Adalberto Álvarez ha lanciato l’idea e decine di musicisti l’hanno difesa, musicisti di qui e di altre parti, ballerini e appassionati.
Quando poi ha commentato l’iniziativa con Manolito Simonet, Elito Revé e Enrique Álvarez, non ci sono stati dubbi: d’accordo al cento per cento. Dalla Spagna, un anticipo: l’Associazione Culturale Benny Moré, fondata a Logroño con ramificazioni in vari luoghi della penisola, hanno reso pubblica la convocazione a tono con i tempi del coronavirus: il giorno 8 alle 8 di sera a ballare in casa.
Come non farci eco della pertinenza, la necessità e l’autorità di proclamare l’8 maggio come Giorno del Son e di fomentare la sua inclusione nella lista del Patrimonio Culturale Immateriale dell’Umanità!
La scelta della data non è casuale. È il giorno della nascita di Miguel Matamoros, l’8 maggio del 1894 –e del Trío Matamoros, perchè nel giorno del compleanno del musicista, festeggiato nella sua casa a Santiago di Cuba, si unirono per la prima volta 95 anni fa le voci di Siro, Cueto e Miguel– e di Miguelito Cuní nel 1917. Il compositore e l’interprete. Oriente e Occidente, ammirabile coincidenza.

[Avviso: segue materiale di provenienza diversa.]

Lemma rat_mx_approx x e : 0 < e -> exists q : 'M[rat]_(a, b), eball x e (map_mx ratr q).
Proof.
move=> e_gt0; have [d d_gt0 dsub] := ball_sub_eball x e e_gt0.
have near_rat (ij : 'I_a * 'I_b) : exists q : rat, `|x ij.1 ij.2 - ratr q| < d.
  have [|q] := @rat_in_itvoo R (x ij.1 ij.2 - d) (x ij.1 ij.2 + d); first lra.
  by rewrite in_itv /= => ?; exists q; rewrite ltr_distlC.
have [q qx] := choice near_rat.
exists (\matrix_(i, j) q (i, j)); apply: dsub; apply/ball_mxE; split => // i j.
by rewrite !mxE; exact: qx (i, j).
Qed.

Definition rat_eball (c : 'M[rat]_(a, b) * nat) : set 'M[R]_(a, b) :=
  eball (map_mx ratr c.1) c.2.+1%:R^-1.

Lemma eopen_bigcup_rat_eball U :
  eopen U -> U = \bigcup_(c in [set c | rat_eball c `<=` U]) rat_eball c.
Proof.
move=> Uopen; apply/seteqP; split=> [x Ux | x [c cU /cU //]].
have [rho rho_gt0 rhoU] := Uopen _ Ux.
have [k] := @ltr_add_invr R 0 (rho / 2) ltac:(lra); rewrite add0r.
set e := k.+1%:R^-1 => e_rho.
have e_gt0 : 0 < e by rewrite invr_gt0 ltr0n.
have [q xq] := rat_mx_approx x e e_gt0.
exists (q, k); last by rewrite /rat_eball /eball /= sqdistC.
apply: subset_trans rhoU; apply: eball_sub => //=; rewrite -/e mulr2n; lra.
Qed.

End EuclideanTopology.

Section RandomVectors.
Context {R : realType}.

Lemma borel_open a b (U : set 'M[R]_(a, b)) : open U -> borel U.
Proof. by rewrite -eopenE; exact: sub_sigma_algebra. Qed.

Lemma borel_closed a b (C : set 'M[R]_(a, b)) : closed C -> borel C.
Proof.
move=> Cclosed; rewrite -[C]setCK; apply: (@measurableC _ (borel_space R a b)).
by apply: borel_open; rewrite openC.
Qed.

Lemma measurable_coord a b i j : measurable_fun setT (fun x : borel_space R a b => x i j).
Proof.
apply: measurability; first exact: RGenOpens.measurableE.
move=> _ [_ [x [y ->]] <-].
rewrite setTI; apply: borel_open; apply: open_comp; last exact: interval_open.
by move=> M _; exact: coord_continuous.
Qed.

Context {d : measure_display} {T : measurableType d}.

Lemma rvec_measurable_fun a b (X : T -> 'M[R]_(a, b)) :
  rvec X <-> measurable_fun setT (X : T -> borel_space R a b).
Proof.
split=> [mX _ B mB | mX B mB]; first by rewrite setTI; exact: mX.
by rewrite -[X @^-1` B]setTI; exact: mX.
Qed.

Lemma measurable_preimage_eball a b (X : T -> 'M[R]_(a, b)) z rho :
  (forall i j, measurable_fun setT (fun om => X om i j)) ->
  measurable (X @^-1` eball z rho).
Proof.
move=> mX; rewrite -[_ @^-1` _]setTI.
have -> : X @^-1` eball z rho = (fun om => sqdist (X om) z) @^-1` `]-oo, rho ^+ 2[.
  by apply/seteqP; split => om; rewrite /= in_itv.
have msqdist : measurable_fun setT (fun om => sqdist (X om) z).
  apply: measurable_sum => i; apply: measurable_sum => j.
  by apply: measurable_funX; apply: measurable_funB => //; exact: measurable_cst.
exact: msqdist (measurable_itv _).
Qed.

Lemma rvecP a b (X : T -> 'M[R]_(a, b)) :
  rvec X <-> forall i j, measurable_fun setT (fun om => X om i j).
Proof.
split=> [/rvec_measurable_fun mX i j | mX].
  exact: measurableT_comp (@measurable_coord a b i j) mX.
apply/rvec_measurable_fun; apply: measurability; first reflexivity.
move=> _ [U Uopen <-].
rewrite setTI (eopen_bigcup_rat_eball _ Uopen) preimage_bigcup bigcup_mkcond.
apply: countable_bigcupT_measurable; first exact: countableP.
by move=> c; case: ifP => _; [exact: measurable_preimage_eball | exact: measurable0].
Qed.

Lemma rvec_cst a b (c : 'M[R]_(a, b)) : rvec (fun _ : T => c).
Proof. by apply/rvecP => i j; exact: measurable_cst. Qed.

Lemma rvecD a b (X Y : T -> 'M[R]_(a, b)) :
  rvec X -> rvec Y -> rvec (fun om => X om + Y om).
Proof.
move=> /rvecP mX /rvecP mY; apply/rvecP => i j.
under eq_fun do rewrite mxE.
exact: measurable_funD.
Qed.

Lemma rvec_sum a b (X : nat -> T -> 'M[R]_(a, b)) t :
  (forall tau, rvec (X tau)) -> rvec (fun om => \sum_(tau < t) X tau om).
Proof.
move=> mX; apply/rvecP => i j.
under eq_fun do rewrite summxE.
by apply: measurable_sum => tau; move/rvecP: (mX tau); apply.
Qed.

Lemma rvec_mulmx a b c (A : 'M[R]_(c, a)) (X : T -> 'M[R]_(a, b)) :
  rvec X -> rvec (fun om => A *m X om).
Proof.
move=> /rvecP mX; apply/rvecP => i j.
under eq_fun do rewrite mxE.
apply: measurable_sum => k.
exact: measurable_funM (measurable_cst _) (mX k j).
Qed.

Lemma rvec_xtraj n m l p (S : lsys R n m l p) (w : nat -> T -> 'cV[R]_l) x0 u t :
  (forall tau, rvec (w tau)) -> rvec (xtraj S w x0 u t).
Proof.
move=> mw; apply: rvecD; first exact: rvec_cst.
apply: (@rvec_sum _ _
  (fun tau om => sA S ^+ (t - 1 - tau) *m (sB S *m u tau + sG S *m w tau om))) => tau.
by apply: rvec_mulmx; apply: rvecD; [exact: rvec_cst | exact: rvec_mulmx].
Qed.

End RandomVectors.

Lemma borel_preimage_mulmx (R : realType) a b c (A : 'M[R]_(c, a))
    (B : set 'M[R]_(c, b)) :
  borel B -> borel [set x | B (A *m x)].
Proof.
exact: (@rvec_mulmx _ _ (borel_space R a b) _ _ _ A id).
Qed.

Lemma closed_supp (R : realType) (d : measure_display) (T : measurableType d)
    (P : probability T R) a b (X : T -> 'M[R]_(a, b)) :
  rvec X -> closed (supp P X).
Proof.
move=> /rvecP mX; rewrite -openC -eopenE => z /= zNsupp.
have [rho [rho_gt0 null]] : exists rho, 0 < rho /\ ~ (0 < prob P X (eball z rho))%E.
  apply: contrapT => h; apply: zNsupp => rho rho_gt0.
  by apply: contrapT => ?; apply: h; exists rho.
have rho2_gt0 : 0 < rho / 2 by lra.
exists (rho / 2) => // z' zz' z'supp; apply: null.
apply: lt_le_trans (z'supp _ rho2_gt0) _.
apply: le_measure; rewrite ?inE; try exact: measurable_preimage_eball.
by apply: preimage_subset; apply: eball_sub => //; rewrite mulr2n; lra.
Qed.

A Piñeiro e Benny, Arsenio e Faz, Arcaño e Jorrín, Lay e Richard, Roldán e Caturla, Guillén e Carpentier, Teté e Argeliers, César e José Antonio, Chapottín e Niño Rivera, sarebbe piaciuto.
Ma la cosa importante è onorare il complesso musicale più rappresentativo della musica cubana e di maggior diffusione planetaria, chiarire e segnalare le gerarchie dei suoi cultori e propiziare la trasmissione dei suoi valori alle generazioni future.
Nel 2012 il son è stato riconosciuto come Patrimonio Culturale della Nazione.
Sappiamo che attualmente si processa la documentazione per la sua valutazione nel Unesco, organismo che avalla la condizione di Patrimonio Culturale Immateriale dell’Umanità.
Abbiamo notizie che il Centro d’Investigazione e Sviluppo della Musica Cubana lavora a questo. Lo sviluppo della Musica Cubana. Ma è necessario creare un ambiente favorevole, com’è avvenuto con la rumba, al quale devono apportare molt i musicisti e color che l’apprezzano.
Si devono rendere visibili fatti essenziali: il punto di partenza nella regione orientale e la sua nazionalizzazione nei primi decenni del secolo scorso, i vincoli con la trova, l’evoluzione di formati e di stili, la connessione con la salsa e altre specie sonore della regione, l’internazionalizzazione.
Dal changüí alla timba; da L’Avana e Santiago a Nuova York e Tokio. Il son nella poesia di Nicolás Guillén. Il son nella musica da concerto, non solo in quella dei cubani, ma anche in George Gershwin, che ha citato/Échale salsita/ nella sua /Overture cubana/.
Il son nel linguaggio popolare, nella danza, nella gestualità. Il son come complesso culturale.
Tutto per il son, diremmo oggi. L’entusiasmo è importante ma lo è di più la conoscenza di causa. Perchè il son continui ad essere un emblema vivo della nostra identità.